Om de eigenschappen van de stromingscytometrie tussen C. elegans en menselijke EV's direct te vergelijken, gezuiverden we EV's uit de geconditioneerde media van celculturen van menselijke neuronen met deze methode. Flow cytometrie scheidt deeltjes op basis van licht verstrooiing. De small-angle lichtverstrooiing (SALS) correleert ruwweg met de grootte, en de lange hoek licht verstrooiing (LALS) correleert met interne membraanstructuur. De meerderheid van de totale steekproef gebeurtenissen uit zowel celcultuur en C. elegans EV voorbereidingen zijn strak gericht in een cluster gecentreerd rond 103 SALS en 104 LALS (Figuur 5A). Een histogram van C. elegans EV monster gebeurtenissen gesorteerd door SALS blijkt dat alle voorbereidingen piek op ~ 103 (Figuur 5B).

Figure 5
Figuur 5: C. elegans EV's worden duidelijk gedefinieerd door hun lichtverstrooiingseigenschappen. (A) Histogram van SALS gebeurtenissen in drie biologische repliceert van C. elegans EV's. ~80% van de totale steekproefgebeurtenissen zijn opgenomen binnen een strakke, duidelijk gedefinieerde populatie. Vergelijkbaar met nanodeeltjes tracking analyse, het toont aan dat de grootte verdeling van C. elegans EV's is monodisperse. Het histogram van de S Basal buffer die wordt gebruikt om de monsters te verdunnen wordt ter vergelijking getoond. (B) Vergelijking van refractieve eigenschappen van C. elegans en menselijke celcultuur EV's gezuiverd met de methoden beschreven in deze tekst. Beide EV-types presenteren consequent vergelijkbare korte en lange hoek lichtverstrooiingsverdelingen (SALS en LALS). Klik hier om een grotere versie van dit cijfer te bekijken.

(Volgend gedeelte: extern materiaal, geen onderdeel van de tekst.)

Lemma sum_itv_mass n m p : (m <= p <= n)%N -> \sum_i itv_mass n m p i = (p - m)%:R / n%:R.
Proof. exact: sum_itv_const. Qed.

Section Perturbed.
Context {n a L : nat}.

Lemma block_shift_off i : ~~ block n a L i -> block_shift n a L i = 0.
Proof.
rewrite /block /block_shift /itv_mass => Bi.
by case: ifP; case: ifP => h1 h2; rewrite ?subrr ?subr0 //; move: Bi h1 h2; lia.
Qed.

Lemma perturbed_off i : ~~ block n a L i -> perturbed n a L i = @uniform R n i.
Proof. by move=> Bi; rewrite /perturbed block_shift_off ?addr0. Qed.

Hypotheses (n_gt0 : (0 < n)%N) (block_in : (a + L + L <= n)%N).

Lemma sum_block_shift : \sum_i block_shift n a L i = 0.
Proof.
rewrite /block_shift sumrB !sum_itv_mass; try (apply/andP; split; lia).
have -> : (a + L + L - (a + L) = a + L - a)%N by lia.
by rewrite subrr.
Qed.

Lemma sum_abs_block_shift : \sum_i `|block_shift n a L i| = (L + L)%:R / n%:R.
Proof.
transitivity (\sum_i (itv_mass n (a + L) (a + L + L) i + itv_mass n a (a + L) i)).
  apply: eq_bigr => i _; rewrite /block_shift /itv_mass.
  have n0 : 0 <= n%:R^-1 :> R by rewrite invr_ge0 ler0n.
  by case: ifP; case: ifP => h1 h2; rewrite ?subr0 ?sub0r ?subrr ?normrN ?addr0 ?add0r
       ?normr0 ?ger0_norm //; move: h1 h2; lia.
rewrite big_split /= !sum_itv_mass; try (apply/andP; split; lia).
by rewrite -mulrDl -natrD; congr (_%:R / _); lia.
Qed.

Lemma perturbed_distr : is_distr (perturbed n a L).
Proof.
split.
- move=> i; rewrite /perturbed /uniform /block_shift /itv_mass.
  have : 0 <= n%:R^-1 :> R by rewrite invr_ge0 ler0n.
  by case: ifP; case: ifP => _ _; lra.
- rewrite big_split /= sum_block_shift addr0; exact: (uniform_distr n_gt0).2.
Qed.

Lemma perturbed_block_mass :
  \sum_(i | block n a L i) perturbed n a L i = \sum_(i | block n a L i) @uniform R n i.
Proof.
rewrite big_split /=; have := sum_block_shift.
rewrite (bigID (block n a L)) /= [X in _ + X]big1 => [| i]; last exact: block_shift_off.
by rewrite !addr0 => ->; rewrite addr0.
Qed.

Lemma dTV_perturbed : dTV (perturbed n a L) (@uniform R n) = L%:R / n%:R.
Proof.
rewrite /dTV (eq_bigr (fun i => `|block_shift n a L i|)); last first.
  by move=> i _; rewrite /perturbed addrAC subrr add0r.
by rewrite sum_abs_block_shift natrD; field; rewrite pnatr_eq0 -lt0n.
Qed.
Lemma prec_succ_apex l l' : l \in Fu u -> l' \in Fu u -> prec l l' ->
  (forall m, m \in Fu u -> ~~ (prec l m && prec m l')) ->
  apex l' \in Pl u /\ apex l' \in Pl l.
Proof.
move=> hl hl' hll' succ.
have hA'u : apex l' \in Pl u.
  apply: contraT => hA'nu; have hl't := anc_top_notin_Pl (apex_Fu_bottom hl') hA'nu.
  have [e he] := Pul_neq0 hl; have [e' he'] := Pul_neq0 hl'.
  have [eu _ he_only] := PulP he; have [_ el' _] := PulP he'.
  have hee' := prec_Pul_anc hll' he he'.
  have neq_l'l : l' != l by rewrite eq_sym prec_neq.
  by have /negP[] := he_only _ hl' neq_l'l; apply: Pl_uplink_convex hl't eu hee' el'.
split=> //; have [m hm hA'm] := coversP Fu_covers hA'u.
case: (eqVneq m l) => [<- //|neq_ml]; exfalso.
have [hmA' neq_mA'] := Pl_anc_apex hA'm.
have hml' : prec m l'.
  by apply: prec_of_anc_apex hmA' => //; apply: contraNneq neq_mA' => ->.
case: (prec_total hm hl neq_ml) => hmlp.
  by rewrite (negPf (prec_skip_apex hm hl hl' hmlp hll' hA'u)) in hA'm.
by have := succ m hm; rewrite hmlp hml'.
Qed.

Lemma cover_by_prefix c g : c \in Fu u -> apex c \in Pl u ->
  (forall y, y \in Pl u -> anc y (apex c) -> y \in Pl g) ->
  covers (Pl u) (g |: [set l in Fu u | apex l \in Pl u]).
Proof.
move=> hc hAcu prefix; apply/subsetP => e heu; apply/bigcupP.
case: (boolP (anc e (apex c))) => hec; first by exists g; rewrite ?setU11 ?prefix.
have hce : anc (apex c) e.
  by case/orP: (anc_total (Pl_uplink_bottom heu) (Pl_uplink_bottom hAcu)) => // h; rewrite h in hec.
have neq_ce : apex c != e by apply: contraNneq hec => <-; apply: anc_refl.
have [l hl hel] := coversP Fu_covers heu.
case: (boolP (apex l \in Pl u)) => hAlu.
  by exists l; rewrite // in_setU1 inE hl hAlu orbT.
exists c; first by rewrite in_setU1 inE hc hAcu orbT.
exact: Pl_after_apex hc hl hAcu (anc_top_notin_Pl (apex_Fu_bottom hl) hAlu) hel heu hce neq_ce.
Qed.

(* The cover of [cover_by_prefix] lies in [B_(apex g)], so the maximality of [v_u] puts
   [apex g] no deeper than [v_u], which is an ancestor of every apex of [F_u]. *)
Lemma no_deep_prefix_cover l c g : l \in Fu u -> c \in Fu u -> apex c \in Pl u ->
  g \in B par F (apex g) -> anc (apex l) (apex g) -> apex l != apex g -> anc (apex g) t ->
  (forall y, y \in Pl u -> anc y (apex c) -> y \in Pl g) -> False.
Proof.
move=> hl hc hAcu hg hlg neq_lg hgt prefix.
have sXB : g |: [set l' in Fu u | apex l' \in Pl u] \subset B par F (apex g).
  apply/subsetP => l'; rewrite in_setU1 inE => /orP [/eqP -> //|/andP [hl' hAl'u]].
  exact: Fu_in_B hl' (anc_trans hgt (Pl_uplink_top hAl'u).1).
have := Fu_deep hgt (covers_subset sXB (cover_by_prefix hc hAcu prefix)) hl.
by rewrite leqNgt depth_anc_lt.
Qed.

End OneUplink.

(** * The dependency branching *)

Hypothesis Pl_disjoint : forall u1 u2, u1 \in U -> u2 \in U -> u1 != u2 ->
  [disjoint Pl u1 & Pl u2].

Local Notation arc := (is_arc r par Fu U).
Local Notation prec := (precu r par Fu).

Lemma Pl_disjoint_eq u1 u2 y : u1 \in U -> u2 \in U -> y \in Pl u1 -> y \in Pl u2 -> u1 = u2.
Proof.
move=> hu1 hu2 hy1 hy2; apply/eqP/contraT => /(Pl_disjoint hu1 hu2) /disjointFr.
by move/(_ _ hy1); rewrite hy2.
Qed.

Lemma arcP (a : arcT V) : arc a -> [/\ a.1.1 \in U, a.1.2 \in Fu a.1.1, a.2 \in Fu a.1.1,
  prec a.1.1 a.1.2 a.2 & forall m, m \in Fu a.1.1 -> ~~ (prec a.1.1 a.1.2 m && prec a.1.1 m a.2)].
Proof. by case/andP => hu /and5P [_ ? ? ? /forall_inP]. Qed.

Lemma arc_apex (a : arcT V) : arc a -> [/\ apex a.2 \in Pl a.1.1, apex a.2 \in Pl a.1.2,
  anc (apex a.1.2) (apex a.2) & apex a.1.2 != apex a.2].
Proof.
case/arcP => hu htail hhead hprec succ.
have [hAu hAtail] := prec_succ_apex hu htail hhead hprec succ.
by have [? ?] := Pl_anc_apex hAtail; split.
Qed.

Lemma arc_head_B (a : arcT V) : arc a -> a.2 \in B par F (apex a.2).
Proof. by case/arcP => hu _ hhead _ _; apply: (Fu_in_B hu hhead); apply: anc_refl. Qed.

(* The apex of the head lies in [P_u] for a single [u], and [prec_u] is total on [F_u]. *)
Lemma arc_tail_unique (a a' : arcT V) : arc a -> arc a' -> a.2 = a'.2 -> a.1.2 = a'.1.2.
Proof.
move=> ha ha' eq_head; have [hu htail _ hprec0 succ] := arcP ha.
have [hu' htail' _ hprec' succ'] := arcP ha'.
have [hAu _ _ _] := arc_apex ha; have [hAu' _ _ _] := arc_apex ha'.
rewrite -eq_head in hAu' hprec' succ'.
have eq_u := Pl_disjoint_eq hu hu' hAu hAu'; rewrite -eq_u in htail' hprec' succ'.
apply/eqP/contraT => neq_tails.
case: (prec_total hu htail htail' neq_tails) => hprec.
  by have := succ _ htail'; rewrite hprec hprec'.
by have := succ' _ htail; rewrite hprec hprec0.
Qed.
(* Let $\Theta$ be a finite-dimensional real inner product space, $\mathcal L:\Theta\to\mathbb R_+$ differentiable, $\theta_0\in\Theta$, $\varepsilon\in\mathbb R_+^*$, $R\in\mathbb R_+$, $c\in\mathbb R_+^*$. If for all $\theta\in\Theta$ with $\|\theta-\theta_0\|\le R$ it holds $\|\nabla\mathcal L(\theta)\|\ge(\mathcal L(\theta)-\varepsilon)_+/(\|\theta-\theta_0\|+c)$, then $(\mathcal L,\theta_0)$ satisfies the Convergence Criterion with limit error $\varepsilon_0=\tau\mathcal L(\theta_0)+(1-\tau)\varepsilon$, where $\tau=c/(R+c)\in(0,1]$, and with constant $\kappa=3c^{-2}(\mathcal L(\theta_0)-\varepsilon)_+^{-2}\in\mathbb R_+\cup\{+\infty\}$.
   Context: $(x)_+=\max\{0,x\}$. Convergence Criterion: $(\mathcal L,\theta_0)$ satisfies it with limit error $\varepsilon$ and constant $\kappa\in\mathbb R_+$ if every $\theta:\mathbb R_+\to\Theta$ with $\theta(0)=\theta_0$ and $\partial_t\theta=-\nabla\mathcal L(\theta)$ satisfies $\mathcal L(\theta_t)\le\varepsilon+(\kappa t+1/c)^{-1/3}$ for all $t>0$, where $c=\mathcal L(\theta_0)^3$. For $\kappa=+\infty$ (here arising when $\mathcal L(\theta_0)\le\varepsilon$), it means every such flow satisfies $\mathcal L(\theta_t)\le\varepsilon$ for all $t\ge0$. *)

(* Theta = 'rV[R]_n with the Euclidean inner product. *)
From HB Require Import structures.
From mathcomp Require Import all_boot all_order all_algebra.
From mathcomp Require Import all_classical all_reals all_analysis.
Set Implicit Arguments. Unset Strict Implicit. Unset Printing Implicit Defensive.
Import Order.TTheory GRing.Theory Num.Theory.
Import numFieldNormedType.Exports.
Local Open Scope classical_set_scope.
Local Open Scope ring_scope.

Definition pospart {R : realType} (x : R) : R := Num.max 0 x.

Definition dotv {R : realType} {n : nat} (u v : 'rV[R]_n) : R :=
  \sum_(i < n) u ord0 i * v ord0 i.
Definition enorm {R : realType} {n : nat} (v : 'rV[R]_n) : R :=
  Num.sqrt (dotv v v).

Definition grad {R : realType} {n : nat} (L : 'rV[R]_n -> R) (th : 'rV[R]_n)
  : 'rV[R]_n := \row_(i < n) ('D_(delta_mx ord0 i) L th).

Definition gradient_flow {R : realType} {n : nat} (L : 'rV[R]_n -> R)
  (th0 : 'rV[R]_n) (th : R -> 'rV[R]_n) : Prop :=
  th 0 = th0 /\
  (th t @[t --> 0^'+] --> th0) /\
  (forall t : R, 0 < t -> is_derive t 1 th (- grad L (th t))).

Definition conv_criterion {R : realType} {n : nat} (L : 'rV[R]_n -> R)
  (th0 : 'rV[R]_n) (eps : R) (kappa : \bar R) : Prop :=
  match kappa with
  | EFin k => 0 <= k /\
      forall th : R -> 'rV[R]_n, gradient_flow L th0 th ->
        forall t : R, 0 < t ->
          L (th t) <= eps + powR (k * t + (L th0 ^+ 3)^-1) (- (1 / 3))
  | +oo%E => forall th : R -> 'rV[R]_n, gradient_flow L th0 th ->
        forall t : R, 0 <= t -> L (th t) <= eps
  | -oo%E => False
  end.

(* The energy (L(th) - eps) (|th - th0| + c) does not increase along the flow
   as long as th stays in the ball: its derivative is at most
   |grad L| ((L - eps) - |grad L| (|th - th0| + c)) <= 0 by the hypothesis
   (the distance is smoothed to sqrt(|th - th0|^2 + d^2) to be differentiable).
   Hence (L(th_t) - eps)(|th_t - th0| + c) <= (L(th0) - eps) c, so while
   L(th_t) - eps > tau (L(th0) - eps) one has |th_t - th0| < Rad, and a real
   induction shows that the flow never leaves the ball before time t. In the
   ball (L - eps)^2 <= |grad L| (L(th0) - eps) c, so that
   d/dt (L - eps)^-3 = 3 |grad L|^2 / (L - eps)^4 >= kappa, which integrates to
   the claimed bound. Once L(th_t) drops below the limit error it stays there,
   L being nonincreasing along the flow. *)

From HB Require Import structures.
From mathcomp Require Import all_boot all_order all_algebra.
From mathcomp Require Import all_classical all_reals all_analysis.
From mathcomp Require Import ring lra.
Import Order.TTheory GRing.Theory Num.Theory.
Import numFieldNormedType.Exports.
Local Open Scope ring_scope.
Local Open Scope classical_set_scope.

Section Euclidean.
Context {R : realType} {n : nat}.
Implicit Types u v w : 'rV[R]_n.

Lemma dotvC u v : dotv u v = dotv v u.
Proof. by apply: eq_bigr => i _; rewrite mulrC. Qed.

Lemma dotv0l v : dotv 0 v = 0.
Proof. by apply: big1 => i _; rewrite mxE mul0r. Qed.

Lemma dotvNr u v : dotv u (- v) = - dotv u v.
Proof. by rewrite /dotv -sumrN; apply: eq_bigr => i _; rewrite mxE mulrN. Qed.

Lemma dotvvE u : dotv u u = \sum_(i < n) (u ord0 i) ^+ 2 :> R.
Proof. by apply: eq_bigr => i _; rewrite expr2. Qed.

Lemma dotvv_ge0 u : 0 <= dotv u u.
Proof. by apply: sumr_ge0 => i _; rewrite -expr2 sqr_ge0. Qed.

Lemma dotvv_eq0 u : (dotv u u == 0) = (u == 0).
Proof.
apply/idP/eqP => [/eqP uu0|->]; last by rewrite dotv0l.
apply/rowP => i; rewrite mxE; apply/eqP; rewrite -[_ == 0]orbb -mulf_eq0.
by apply/eqP; move/psumr_eq0P : uu0; apply => // j _; rewrite -expr2 sqr_ge0.
Qed.

Lemma enorm_ge0 u : 0 <= enorm u.
Proof. exact: sqrtr_ge0. Qed.

Lemma enorm_sqr u : enorm u ^+ 2 = dotv u u.
Proof. by rewrite sqr_sqrtr ?dotvv_ge0. Qed.

Lemma enorm0 : enorm (0 : 'rV[R]_n) = 0.
Proof. by rewrite /enorm dotv0l sqrtr0. Qed.

Lemma enormN u : enorm (- u) = enorm u.
Proof. by rewrite /enorm /dotv; under eq_bigr do rewrite !mxE mulrNN. Qed.

Lemma dotv_le_enormM u v : dotv u v <= enorm u * enorm v.
Proof.
have [->|u0] := eqVneq u 0; first by rewrite dotv0l enorm0 mul0r.
have [->|v0] := eqVneq v 0; first by rewrite dotvC dotv0l enorm0 mulr0.
have gt0 w : w != 0 -> 0 < enorm w by rewrite sqrtr_gt0 lt_def dotvv_eq0 dotvv_ge0 => ->.
set a := enorm u; set b := enorm v.
have expand : \sum_(i < n) (b * u ord0 i - a * v ord0 i) ^+ 2 =
    2 * a * b * (a * b - dotv u v).
  transitivity (b ^+ 2 * dotv u u - 2 * a * b * dotv u v + a ^+ 2 * dotv v v).
    rewrite /dotv !mulr_sumr -sumrB -big_split /=.
    by apply: eq_bigr => i _; ring.
  by rewrite -!enorm_sqr -/a -/b; ring.
have : 0 <= 2 * a * b * (a * b - dotv u v).
  by rewrite -expand sumr_ge0 // => i _; rewrite sqr_ge0.
by rewrite pmulr_rge0 ?subr_ge0 // !mulr_gt0 ?gt0.
Qed.
End Euclidean.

De DI-8-ANEPPS labelt c. elegans EV's robuust en benadrukt consequent een meerderheid van de totale gebeurtenissen in zowel de C. elegans als de celcultuur afgeleide monsters. De kalibratiekralen en -besturingselementen worden gepresenteerd in figuur 6A. De afzonderlijke FACS-strooipercelen zijn afkomstig uit een C. elegansmonster bereid van 200.000 dieren (#1) en twee bereid uit 500.000 dieren(figuur 6B). EV's van 100 mL (#1) of 200 mL (#2,3) van de celcultuur werden ook geanalyseerd (Figuur 6C). Zowel C. elegans en celcultuur afgeleide monsters toonde overvloedige fluorescerende gebeurtenissen die verdwenen wanneer behandeld met 0,05% Triton-X 100 en licht sonicatie. Dit toont aan dat de gelabelde gebeurtenissen wasmiddel laloomische fosfolipidenstructuren (blaasjes) zijn in plaats van detergentia-ongevoelige vaste lipoproteïneaggregaten. De EV overvloed wordt berekend als het verschil tussen het aantal gebeurtenissen in de DI-8-ANEPPS + poort tussen de fracties zonder wasmiddel (-) en met wasmiddel (+) minus de gebeurtenissen in de Dye Only controle. Voor de duidelijkheid worden de gegevens die afzonderlijk in figuur 6B en figuur 6C worden gepresenteerd, samengevat als staafgrafieken in figuur 6D en figuur 6E. De overvloed van de gezuiverde EV's was niet significant verschillend tussen de C. elegans en de celcultuur afgeleide preparaten (Figuur 6F).

Figure 6
Figuur 6: Voorbeelden van stroomcytometriegegevens die worden gebruikt om ev-overvloed te berekenen. (A) Om ervoor te zorgen dat het aantal gebeurtenissen direct kan worden vergeleken tussen monsters, moeten de buffer only- en de buffer- en dye only-besturingselementen worden uitgevoerd met dezelfde stroomsnelheid en de inzameltijd als de EV-monsterfracties. Er zijn zeer weinig gebeurtenissen in de DI-8-ANEPPS poort. bB) Representatieve resultaten van het DI-8-ANEPPS- en wasmiddelbehandelingsprotocol van C. elegans. Drie biologische replica's worden getoond. Biologische repliceren #1 werd bereid uit 200.000 dieren, terwijl #2 en #3 werden bereid uit 500.000 dieren. Het verdwijnen van EV's met de behandeling van wasmiddelen is in alle gevallen duidelijk. (C) Representatieve resultaten van het DI-8-ANEPPS- en wasmiddelbehandelingsprotocol met behulp van geconditioneerde media voor menselijke celkweek. Biologische repliceert #1 en #2 werden bereid vanaf 200 mL geconditioneerde media, terwijl biologische repliceren #3 werd bereid vanaf 100 mL. dD) staafdiagram van de gegevens die zijn verzameld uit de drie biologische replica's van C. elegans EV's. Foutbalken = S.E.M. Gekoppelde tweezijdige t-tests tussen de behandelingen. = p-waarde < 0,001. (E) Staafgraaf van de gegevens die zijn verzameld uit de drie biologische replica's van afgeleide EV's uit de celkweek. Gekoppelde tweezijdige t-tests tussen de behandelingen. = p-waarde < 0,001 (F) Het aantal met kleurstof gelabelde wasmiddelgevoelige gebeurtenissen per μL werd berekend voor alle biologische replica's van C. elegans en celkweek. De waarden tussen de twee EV-monsterbronnen verschillen niet significant. Gekoppelde tweezijdige t-tests tussen behandelingen p-waarde = 0,685. Klik hier om een grotere versie van dit cijfer te bekijken.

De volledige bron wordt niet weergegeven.